(* For $n=1,2,3,4$ the minimal norm of a linear interpolation projector on the unit ball satisfies $\theta_1(B_1)=1$, $\theta_2(B_2)=\frac53$, $\theta_3(B_3)=2$, $\theta_4(B_4)=\frac{11}5$, i.e. $\theta_n(B_n)=3-\frac4{n+1}$; moreover, for $n\le4$ an interpolation projector $P:C(B_n)\to\Pi_1(\mathbb R^n)$ with nodes in $B_n$ satisfies $\|P\|_{B_n}=\theta_n(B_n)$ only if its nodes are the vertices of a regular simplex inscribed into $B_n$.
   Context: $B_n$ is the closed unit Euclidean ball in $\mathbb R^n$. $C(B_n)$ is the space of continuous functions with sup norm; $\Pi_1(\mathbb R^n)$ the space of polynomials of degree $\le1$. For nodes $x^{(1)},\dots,x^{(n+1)}\in B_n$ forming a nondegenerate simplex, the interpolation projector $P$ maps $f$ to the unique $p\in\Pi_1(\mathbb R^n)$ with $p(x^{(j)})=f(x^{(j)})$; $\|P\|_{B_n}$ is its operator norm. $\theta_n(B_n)$ is the minimum of $\|P\|_{B_n}$ over all such projectors. A simplex is inscribed into $B_n$ if its vertices lie on the unit sphere. *)

From HB Require Import structures.
From mathcomp Require Import all_boot all_order all_algebra.
From mathcomp Require Import boolp classical_sets reals.
Set Implicit Arguments.
Unset Strict Implicit.
Unset Printing Implicit Defensive.
Import Order.TTheory GRing.Theory Num.Theory.
Local Open Scope ring_scope.
Local Open Scope classical_set_scope.

Section Defs.
Variable R : realType.

Definition dotv (n : nat) (x y : 'rV[R]_n) : R := \sum_(i < n) x 0 i * y 0 i.
Definition enorm (n : nat) (x : 'rV[R]_n) : R := Num.sqrt (dotv x x).

Definition in_ball (n : nat) (x : 'rV[R]_n) : Prop := enorm x <= 1.

Definition cont_on_ball (n : nat) (f : 'rV[R]_n -> R) : Prop :=
  forall x, in_ball x -> forall e : R, 0 < e ->
    exists2 d : R, 0 < d &
      forall y, in_ball y -> enorm (y - x) < d -> `|f y - f x| < e.

Definition affine_eval (n : nat) (a : 'rV[R]_n) (c : R) (x : 'rV[R]_n) : R :=
  c + dotv a x.
(* Let $F$ satisfy (G1)–(G3) and let $\mu$ be an ergodic stationary probability measure of $\Pi(F)$. Then $\mathcal I_\mu$ has arbitrarily small trapping neighborhoods: for every $\varepsilon>0$ there is a trapping domain $D=\bigsqcup_k\{k\}\times D_k$ with $I_{\mu,k}\subset D_k\subset U_\varepsilon(I_{\mu,k})$ for all $k$.
   Context: Setting: $N\ge1$; $\{0,1\}$-matrix $A=(a_{ij})$ with some power having all entries positive; stochastic matrix $\Pi=(\pi_{ij})$ with $\pi_{ij}>0$ iff $a_{ij}=1$. $I=[0,1]$; $f_1,\dots,f_N:I\to I$ strictly increasing $C^1$ diffeomorphisms onto their images with $f_k(I)\subset(0,1)$. $\mathcal I=\{1,\dots,N\}\times I$, $I_k=\{k\}\times I$. $(k,m)$ admissible iff $\pi_{km}>0$. $\Pi(F)$: Markov process on $\mathcal I$ jumping from $(i,x)$ to $(j,f_i(x))$ with probability $\pi_{ij}$. $\mu$ stationary iff $\mu_j=\sum_i\pi_{ij}(f_i)_*\mu_i$ for all $j$ ($\mu_k=\mu|_{I_k}$); ergodic = extreme point of the stationary probabilities. $A_{\mu,k}=\min\operatorname{supp}\mu_k$, $B_{\mu,k}=\max\operatorname{supp}\mu_k$, $I_{\mu,k}=[A_{\mu,k},B_{\mu,k}]$, $\mathcal I_\mu=\bigsqcup_k\{k\}\times I_{\mu,k}$. Domain: $D=\bigsqcup_k\{k\}\times D_k$, $D_k$ nonempty intervals; trapping if $f_k(D_k)\subset\mathrm{int}\,D_m$ (interior in $I$) for all admissible $(k,m)$. Admissible composition $f_{w_1\dots w_n}=f_{w_n}\circ\dots\circ f_{w_1}:I_{w_1}\to I_{w_{n+1}}$ with each $(w_i,w_{i+1})$, $i\le n$, admissible; simple transition: $w_1,\dots,w_{n+1}$ distinct; simple return: $w_1,\dots,w_n$ distinct and $w_{n+1}=w_1$. (G1) every fixed point $q$ of a simple return $g$ has $g'(q)\ne1$; (G2) no simple transition maps an attracting (resp. repelling) fixed point of a simple return to a repelling (resp. attracting) fixed point of a simple return; (G3) no $a_1,\dots,a_N\in I$ with $f_i(a_i)=a_j$ for all admissible $(i,j)$. *)

From Stdlib Require Import Reals Lra List.
Import ListNotations.
Open Scope R_scope.

(* ---------- finite sums and matrices (indices 0..N-1 stand for 1..N) ---------- *)
Fixpoint Rsum (n : nat) (g : nat -> R) : R :=
  match n with O => 0 | S m => Rsum m g + g m end.

Fixpoint nsum (n : nat) (g : nat -> nat) : nat :=
  match n with O => 0%nat | S m => (nsum m g + g m)%nat end.

Fixpoint mpow (N : nat) (A : nat -> nat -> nat) (n : nat) : nat -> nat -> nat :=
  match n with
  | O => fun i j => if Nat.eqb i j then 1%nat else 0%nat
  | S m => fun i j => nsum N (fun l => (mpow N A m i l * A l j)%nat)
  end.

Definition zero_one_matrix (N : nat) (A : nat -> nat -> nat) : Prop :=
  forall i j, (i < N)%nat -> (j < N)%nat -> A i j = 0%nat \/ A i j = 1%nat.

Definition has_positive_power (N : nat) (A : nat -> nat -> nat) : Prop :=
  exists n, (0 < n)%nat /\
    forall i j, (i < N)%nat -> (j < N)%nat -> (0 < mpow N A n i j)%nat.

Definition stochastic (N : nat) (P : nat -> nat -> R) : Prop :=
  (forall i j, (i < N)%nat -> (j < N)%nat -> 0 <= P i j) /\
  (forall i, (i < N)%nat -> Rsum N (fun j => P i j) = 1).

Definition compatible (N : nat) (A : nat -> nat -> nat) (P : nat -> nat -> R) : Prop :=
  forall i j, (i < N)%nat -> (j < N)%nat -> (0 < P i j <-> A i j = 1%nat).

Definition inI (x : R) : Prop := 0 <= x <= 1.

Definition good_map (f : R -> R) : Prop :=
  (forall x, inI x -> 0 < f x < 1) /\
  (forall x y, inI x -> inI y -> x < y -> f x < f y) /\
  exists df : R -> R,
    (forall x, inI x -> derivable_pt_lim f x (df x)) /\
    (forall x, inI x -> forall eps, 0 < eps -> exists delta, 0 < delta /\
        forall y, inI y -> Rabs (y - x) < delta -> Rabs (df y - df x) < eps) /\
    (forall x, inI x -> df x <> 0).

Definition admissible (P : nat -> nat -> R) (k m : nat) : Prop := 0 < P k m.

Fixpoint adm_chain (N : nat) (P : nat -> nat -> R) (w : list nat) : Prop :=
  match w with
  | [] => True
  | k :: rest =>
      (k < N)%nat /\
      match rest with
      | [] => True
      | m :: _ => admissible P k m /\ adm_chain N P rest
      end
  end.
Lemma upd_eqE b (i : 'I_M) (P g : occupation) : P i = ~~ b ->
  (g i == b) && (upd (~~ b) i g == P) = (g == upd b i P).
Proof.
move=> Pi; apply/andP/eqP => [[/eqP gi /eqP <-] | ->].
  by rewrite updK upd_id.
by rewrite updE eqxx updK upd_id.
Qed.

Lemma occ_cat_cons (s1 s2 : seq nat) (i : 'I_M) :
  occ (s1 ++ i.+1 :: s2) = upd true i (occ (s1 ++ s2)).
Proof.
apply/ffunP => k; rewrite !ffunE !mem_cat in_cons.
have -> : (k.+1 == i.+1) = (k == i) by [].
by case: (k == i); rewrite ?orbT.
Qed.

Lemma occ_rcons (f : seq nat) (i : 'I_M) : occ (rcons f i.+1) = upd true i (occ f).
Proof. by rewrite -cats1 occ_cat_cons cats0. Qed.

Lemma card_occ (f : seq nat) : uniq f -> all (fun m => 0 < m <= M)%N f ->
  #|[set k : 'I_M | k.+1 \in f]| = size f.
Proof.
move=> uf f_range; rewrite cardE -(size_map (fun k : 'I_M => k.+1)).
apply/perm_size/uniq_perm => //.
  by rewrite map_inj_uniq ?enum_uniq // => a b [] /val_inj.
move=> x; apply/mapP/idP => [[k] | xf]; first by rewrite mem_enum inE => kf ->.
have /andP[x_gt0 x_le] := allP f_range x xf.
have x_lt : (x.-1 < M)%N by rewrite prednK.
by exists (Ordinal x_lt); rewrite ?mem_enum ?inE /= prednK.
Qed.
(* Euler's formula shows that the gradient of [N] is invariant under
   translation by [e] and orthogonal to [e]. *)
Lemma ev_cubicD_hessian0 N x e : N \is 3.-homog ->
  (forall i j, ev (mderiv i (mderiv j N)) e = 0) -> ev N (x + e) = ev N x.
Proof.
move=> N_cubic hess0.
have grad_quad j : mderiv j N \is 2.-homog := mderiv_dhomog j N_cubic.
have polar_grad0 j y : polar (mderiv j N) y e = 0.
  by rewrite /polar big1 // => k _; rewrite hess0 mulr0.
have gradD j : ev (mderiv j N) (x + e) = ev (mderiv j N) x.
  have grad_e0 : ev (mderiv j N) e = 0.
    apply: (mulfI (natrS_neq0 1)).
    by rewrite mulr0 -(polar_diag_dhomog _ (grad_quad j)) polar_grad0.
  by rewrite ev_quadD // polar_grad0 grad_e0 !addr0.
have polar_e0 : polar N e x = 0.
  apply: (mulfI (natrS_neq0 1)); rewrite mulr0 /polar big_distrr /=.
  under eq_bigr => j _ do rewrite mulrCA -(polar_diag_dhomog _ (grad_quad j)) /polar big_distrr.
  rewrite exchange_big big1 //= => i _.
  under eq_bigr => j _ do rewrite mulrCA mderiv_comm.
  by rewrite -big_distrr /= -/(polar _ e x) -polarC ?polar_grad0 ?mulr0 // mderiv_dhomog.
have polarD y : polar N y (x + e) = polar N y x.
  by apply: eq_bigr => j _; rewrite gradD.
apply: (mulfI (natrS_neq0 2)).
by rewrite -!(polar_diag_dhomog _ N_cubic) polarDl !polarD polar_e0 addr0.
Qed.

End CharZero.

Section QuadraticMap.
Variables (K : fieldType) (n : nat) (F : 'I_n -> {mpoly K[n]}).
Hypothesis F_quad : forall i, F i \is 2.-homog.
Implicit Types (x y e : 'rV[K]_n) (EF EG : {vspace 'rV[K]_n}).

Definition polar_map x e : 'rV[K]_n := \row_i polar (F i) x e.

Lemma polar_mapDl x y e : polar_map (x + y) e = polar_map x e + polar_map y e.
Proof. by apply/rowP => i; rewrite !mxE polarDl. Qed.

Lemma polar_mapNr x e : polar_map x (- e) = - polar_map x e.
Proof. by apply/rowP => i; rewrite !mxE -scaleN1r polarZr // mulN1r. Qed.

Hypothesis char0 : [pchar K] =i pred0.

Lemma evmap_quadD x e : evmap F (x + e) = evmap F x + polar_map x e + evmap F e.
Proof. by apply/rowP => i; rewrite !mxE ev_quadD. Qed.

Lemma polar_map_diag e : polar_map e e = 2%:R *: evmap F e.
Proof. by apply/rowP => i; rewrite !mxE (polar_diag_dhomog _ (F_quad i)). Qed.

Lemma evmapN e : evmap F (- e) = evmap F e.
Proof. by apply/rowP => i; rewrite !mxE ev_quadN. Qed.

Lemma evmap_incrementE x e :
  evmap F (x + e) - evmap F x = polar_map x e + evmap F e.
Proof. by rewrite evmap_quadD [evmap F x + _]addrC addrAC addrK. Qed.

Lemma d_subP EF EG :
  d_sub F EF EG <-> forall x e, e \in EF -> polar_map x e \in EG.
Proof.
have dgenE x e : evmap F (x + e) - evmap F x - evmap F e = polar_map x e.
  by rewrite evmap_incrementE addrK.
split=> [dFG x e eEF | polarEG v].
  by apply: dFG => U; apply; exists x, e; rewrite dgenE.
by apply; move=> _ [x [e [eEF ->]]]; rewrite dgenE polarEG.
Qed.

Lemma polar_map_mem_of_increment EF EG x :
    (forall e, e \in EF -> evmap F (x + e) - evmap F x \in EG) ->
  forall e, e \in EF -> polar_map x e \in EG.
Proof.
move=> incEG e eEF; have eNEF : - e \in EF by rewrite memvN.
have := incEG (- e) eNEF; have := incEG e eEF.
rewrite !evmap_incrementE polar_mapNr evmapN => incE incNE.
have := memvZ 2%:R^-1 (memvB incE incNE).
rewrite opprD opprK addrACA subrr addr0 -mulr2n -scaler_nat scalerA.
by rewrite mulVf ?natrS_neq0 // scale1r.
Qed.

Lemma evmap_increment_mem EF EG :
    (forall x e, e \in EF -> polar_map x e \in EG) ->
  forall x e, e \in EF -> evmap F (x + e) - evmap F x \in EG.
Proof.
move=> polarEG x e eEF; rewrite evmap_incrementE memvD ?polarEG //.
have := memvZ 2%:R^-1 (polarEG e e eEF).
by rewrite polar_map_diag scalerA mulVf ?natrS_neq0 // scale1r.
Qed.

End QuadraticMap.

Section RadicalTranslation.
Variables (K : fieldType) (n : nat) (F : 'I_n -> {mpoly K[n]}) (N : {mpoly K[n]}).
Variables (EF EG : {vspace 'rV[K]_n}).
Hypotheses (char0 : [pchar K] =i pred0) (F_quad : forall i, F i \is 2.-homog).
Hypotheses (N_cubic : N \is 3.-homog) (N_radical : in_radical N EF).

Lemma jmap_incrementE x e : e \in EF ->
  jmap F N (x + e) - jmap F N x = (ev N x)^-1 *: (evmap F (x + e) - evmap F x).
Proof.
by move=> eEF; rewrite /jmap (ev_cubicD_hessian0 char0 x N_cubic (N_radical eEF)) scalerBr.
Qed.

Lemma jmap_translate_inP x : jmap_translate_in F N EF EG x <->
  (ev N x != 0 -> forall e, e \in EF -> evmap F (x + e) - evmap F x \in EG).
Proof.
split=> incEG Nx e eEF; last by rewrite jmap_incrementE // memvZ // incEG.
have Nxe : ev N (x + e) != 0.
  by rewrite (ev_cubicD_hessian0 char0 x N_cubic (N_radical eEF)).
have := memvZ (ev N x) (incEG Nx e eEF Nxe).
by rewrite jmap_incrementE // scalerA mulfV // scale1r.
Qed.

Lemma generic_translate_of_d_sub :
  d_sub F EF EG -> generic (jmap_translate_in F N EF EG).
Proof.
move/(d_subP F_quad char0) => polarEG; exists 1; split=> [|x _]; first exact: oner_neq0.
by apply/jmap_translate_inP => _; apply: evmap_increment_mem.
Qed.

End RadicalTranslation.

Lemma d_sub_of_generic_translate (K : closedFieldType) (n : nat)
    (F : 'I_n -> {mpoly K[n]}) (N : {mpoly K[n]}) (EF EG : {vspace 'rV[K]_n}) :
  [pchar K] =i pred0 -> (forall i, F i \is 2.-homog) ->
  N \is 3.-homog -> N != 0 -> in_radical N EF ->
  generic (jmap_translate_in F N EF EG) -> d_sub F EF EG.
Proof.
move=> char0 F_quad N_cubic N_neq0 N_radical [Q [Q_neq0 QE]].
apply/(d_subP F_quad char0) => x e eEF.
apply: (generic_additive_mem (P := Q * N) (L := polar_map F ^~ e)) => [|y z|y].
- exact: mulf_neq0.
- exact: polar_mapDl.
rewrite /ev mevalM mulf_eq0 negb_or => /andP[Qy Ny].
apply: (polar_map_mem_of_increment F_quad char0) eEF.
by move/jmap_translate_inP: (QE y Qy); apply.
Qed.

Theorem proposition5p12 (K : closedFieldType) (n : nat)
    (F G : 'I_n -> {mpoly K[n]}) (N M : {mpoly K[n]})
    (EF EG : {vspace 'rV[K]_n}) :
  [pchar K] =i pred0 ->
  quadro_quadric_cremona F G N M ->
  in_radical N EF -> in_radical M EG ->
  (is_radical_ideal F G N M EF EG <-> (d_sub F EF EG /\ d_sub G EG EF)).
Proof.
move=> char0 [[[F_quad _] [G_quad _]] [N_cubic N_neq0] [M_cubic M_neq0] _ _] NEF MEG.
split=> [[[idealF idealG] _] | [dF dG]].
  split; first exact: (d_sub_of_generic_translate char0 F_quad N_cubic N_neq0 NEF).
  exact: (d_sub_of_generic_translate char0 G_quad M_cubic M_neq0 MEG).
split=> //; split; first exact: (generic_translate_of_d_sub char0 F_quad N_cubic NEF).
exact: (generic_translate_of_d_sub char0 G_quad M_cubic MEG).
Qed.
(* The formula "for all y, OR_u tp(a,u)(x,y)" holds
   of a, hence of b; taking y := a gives u with tp(a,u) = tp(b,a). *)
Lemma realize_type {A : Type} (a b : A -> Om) :
  onto a -> same_type q a b -> exists pi, Sim q pi /\ forall j, pi (a j) (b j).
Proof.
  intros Ha Hab.
  set (Psi := FAll (W:=A) (FOr (fun u : A -> Om => type_formula q (V:=A + A) (senv a u)))
              : fml q A).
  assert (HPsi : satq Psi a).
  { intro y. exists y. apply sat_type_formula. intro phi; tauto. }
  apply Hab in HPsi. destruct (HPsi a) as [u Hu].
  apply sat_type_formula in Hu.
  exists (graph (senv a u) (senv b a)). split.
  - apply graph_Sim.
    + intro x. destruct (Ha x) as [j <-]. exists (inl j). reflexivity.
    + intro x. destruct (Ha x) as [j <-]. exists (inr j). reflexivity.
    + intro phi. symmetry. apply Hu.
  - intro j. exists (inl j). auto.
Qed.

End Realization.

(* R is Sim(q)-invariant iff it is the disjunction of the types of its tuples
   (existentially quantifying the parameters), i.e. iff it is definable. *)
Lemma part1_rel {Om : Type} (q : opset Om) (k : nat) (R : rel Om k) :
  Inv (Sim q) (ORel R) <-> definable q R.
Proof.
  split.
  - intro HR.
    exists (FOr (fun p : {ab : tup Om k | R ab} =>
               FEx (W:=Om) (type_formula q (V:=Fin.t k + Om) (senv (proj1_sig p) (fun x => x))))).
    intro t. split.
    + intros [[ab Hab] [w Hw]]. apply sat_type_formula in Hw.
      destruct (realize_type q (senv ab (fun x => x)) (senv t w)) as [pi [Hpi Hpj]].
      * intro x; exists (inr x); reflexivity.
      * intro phi; symmetry; apply Hw.
      * apply (HR pi Hpi ab t); [intro i; apply (Hpj (inl i))|exact Hab].
    + intro Ht. exists (exist _ t Ht), (fun x => x). apply sat_type_formula. intro phi; tauto.
  - intros [phi Hphi] pi Hpi t t' Ht. rewrite <- (Hphi t), <- (Hphi t').
    exact (satq_Sim_invariant q phi pi Hpi t t' Ht).
Qed.

Section QuantifierDefinability.
Context {Om : Type} (q : opset Om) {l : nat} {ar : Fin.t l -> nat} (Q : quant Om ar).

Definition members : Type := {Rs : rels Om ar | restrictq q Q Rs}.

Definition member_formula (p : members) (i : Fin.t l) : fml q (Om + Fin.t (ar i)) :=
  proj1_sig (constructive_indefinite_description _
    (proj2 (definable_full_par q (proj1_sig p i)) (proj2 (proj2_sig p) i))).

Lemma sat_member_formula (p : members) i t :
  satq (member_formula p i) (senv (fun x => x) t) <-> proj1_sig p i t.
Proof.
  exact (proj2_sig (constructive_indefinite_description _
    (proj2 (definable_full_par q (proj1_sig p i)) (proj2 (proj2_sig p) i))) t).
Qed.

Definition param_var {i : Fin.t l} (z : Om + Fin.t (ar i)) : (Empty_set + Om) + Fin.t (ar i) :=
  match z with inl x => inl (inr x) | inr m => inr m end.

(* "For some member p and some parameters w of the type of Om itself, each X_i is
   defined by the formula of p_i with parameters w." *)
Definition restriction_sentence : form q ar Empty_set :=
  FOr (fun p : members => FEx (W:=Om) (FAnd (fun o : option (Fin.t l) =>
    match o with
    | None => lift (rename (type_formula q (V:=Om) (fun x => x)) (@inr Empty_set Om))
    | Some i => FAll (W := Fin.t (ar i))
        (fiff (FExt q (e:=i) (fun m => inr m)) (lift (rename (member_formula p i) param_var)))
    end))).

Lemma sat_restriction_sentence (Rs : rels Om ar) :
  sat Rs restriction_sentence (fun e => match e with end) <->
  exists (p : members) (w : Om -> Om), same_type q w (fun x => x) /\
    (forall i t, Rs i t <-> satq (member_formula p i) (senv w t)).
Proof.
  unfold restriction_sentence. cbn [sat].
  assert (Etype : forall w,
    sat Rs (lift (rename (type_formula q (V:=Om) (fun x => x)) (@inr Empty_set Om)))
        (senv (fun e : Empty_set => match e with end) w) <-> same_type q w (fun x => x)).
  { intro w. rewrite sat_lift. unfold satq. rewrite sat_rename. apply sat_type_formula. }
  assert (Ecomp : forall p w i t,
    sat Rs (fiff (FExt q (e:=i) (fun m => inr m)) (lift (rename (member_formula p i) param_var)))
        (senv (senv (fun e : Empty_set => match e with end) w) t) <->
    (Rs i t <-> satq (member_formula p i) (senv w t))).
  { intros p w i t. rewrite sat_fiff, sat_lift. unfold satq. rewrite sat_rename.
    replace (fun v => senv (senv (fun e : Empty_set => match e with end) w) t (param_var v))
      with (senv w t) by (apply functional_extensionality; intros [x|m]; reflexivity).
    cbn [sat]. tauto. }
  split.
  - intros [p [w H]]. exists p, w. split.
    + exact (proj1 (Etype w) (H None)).
    + intros i t. exact (proj1 (Ecomp p w i t) (H (Some i) t)).
  - intros [p [w [H1 H2]]]. exists p, w. intros [i|].
    + intro t. exact (proj2 (Ecomp p w i t) (H2 i t)).
    + exact (proj2 (Etype w) H1).
Qed.

End QuantifierDefinability.

(* A tuple described by the
   restriction sentence is the image of a member p under the similarity realizing the
   parameters w, hence in Q by invariance; conversely the sentence is preserved by
   Sim(q), and Sim(q)-invariant relations are exactly the definable ones. *)
Lemma part1_quant {Om : Type} (q : opset Om) (l : nat) (ar : Fin.t l -> nat)
  (Q : quant Om ar) :
  Inv (Sim q) (OQuant Q) <-> qdefinable q (restrictq q Q).
Proof.
  simpl. rewrite approx_Sim_eq. split.
  - intro HQ. exists (restriction_sentence q Q). intro Rs. rewrite sat_restriction_sentence. split.
    + intros [p [w [Hw HRs]]].
      destruct (realize_type q (fun x => x) w) as [pi [Hpi Hpw]].
      { intro x; exists x; reflexivity. }
      { intro psi; symmetry; apply Hw. }
      assert (Hsim : forall i, rel_sim pi (proj1_sig p i) (Rs i)).
      { intros i t t' Ht. rewrite <- sat_member_formula, HRs.
        apply (satq_Sim_invariant q _ pi Hpi). apply senv_rel; assumption. }
      assert (Hdef : forall i, definable_par q (Rs i)).
      { intro i. apply (definable_par_of_params q _ w (member_formula q Q p i)).
        intro t. symmetry. apply HRs. }
      split; [|exact Hdef].
      apply (HQ pi Hpi (proj1_sig p) Rs); [| |exact Hsim|exact (proj1 (proj2_sig p))].
      * intro i. apply definable_par_inv, (proj2 (proj2_sig p)).
      * intro i. apply definable_par_inv, Hdef.
    + intros HR. exists (exist _ Rs HR), (fun x => x). split; [intro psi; tauto|].
      intros i t. rewrite sat_member_formula. simpl. tauto.
  - intros [phi Hphi] pi Hpi Rs Ss HRs HSs HRS.
    pose proof (sat_Sim_invariant q phi pi Hpi Rs Ss HRS HRs HSs
                  (fun e => match e with end) (fun e => match e with end)
                  (fun v => match v with end)) as Hp.
    rewrite (Hphi Rs), (Hphi Ss) in Hp. unfold restrictq in Hp.
    assert (forall i, definable_par q (Rs i)) by (intro i; apply definable_par_inv, HRs).
    assert (forall i, definable_par q (Ss i)) by (intro i; apply definable_par_inv, HSs).
    tauto.
Qed.

(** * Part (2): Sim(q) is a full monoid *)

Section SimMonoid.
Context {Om : Type} (q : opset Om).

Lemma Sim_converse (pi : Om -> Om -> Prop) : Sim q pi -> Sim q (converse pi).
Proof.
  intros [Hs Hpi]. split; [apply is_sim_converse, Hs|].
  intros [k R|l ar Q] h.
  - intros t t' Ht. symmetry. exact (Hpi (ORel R) h t' t Ht).
  - intros Rs Ss HR HS HRS. symmetry.
    apply (Hpi (OQuant Q) h Ss Rs HS HR). intro i. exact (rel_sim_converse _ _ _ (HRS i)).
Qed.

Lemma Sim_respects_simq (pi : Om -> Om -> Prop) a b a' b' :
  Sim q pi -> pi a b -> pi a' b' -> simq q a a' -> simq q b b'.
Proof.
  intros Hpi Hab Ha'b' Haa W phi c.
  destruct (sim_backward pi c (proj1 Hpi)) as [d Hd].
  rewrite <- (satq_Sim_invariant q phi pi Hpi (senv (fun _ => a) d) (senv (fun _ => b) c))
    by (apply senv_rel; auto).
  rewrite <- (satq_Sim_invariant q phi pi Hpi (senv (fun _ => a') d) (senv (fun _ => b') c))
    by (apply senv_rel; auto).
  apply Haa.
Qed.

======

• Exercise objective
Your answer should be all lines from the data that contain "Etype".

• Answer for this exercise
  assert (Etype : forall w,
    + exact (proj1 (Etype w) (H None)).
    + exact (proj2 (Etype w) H1).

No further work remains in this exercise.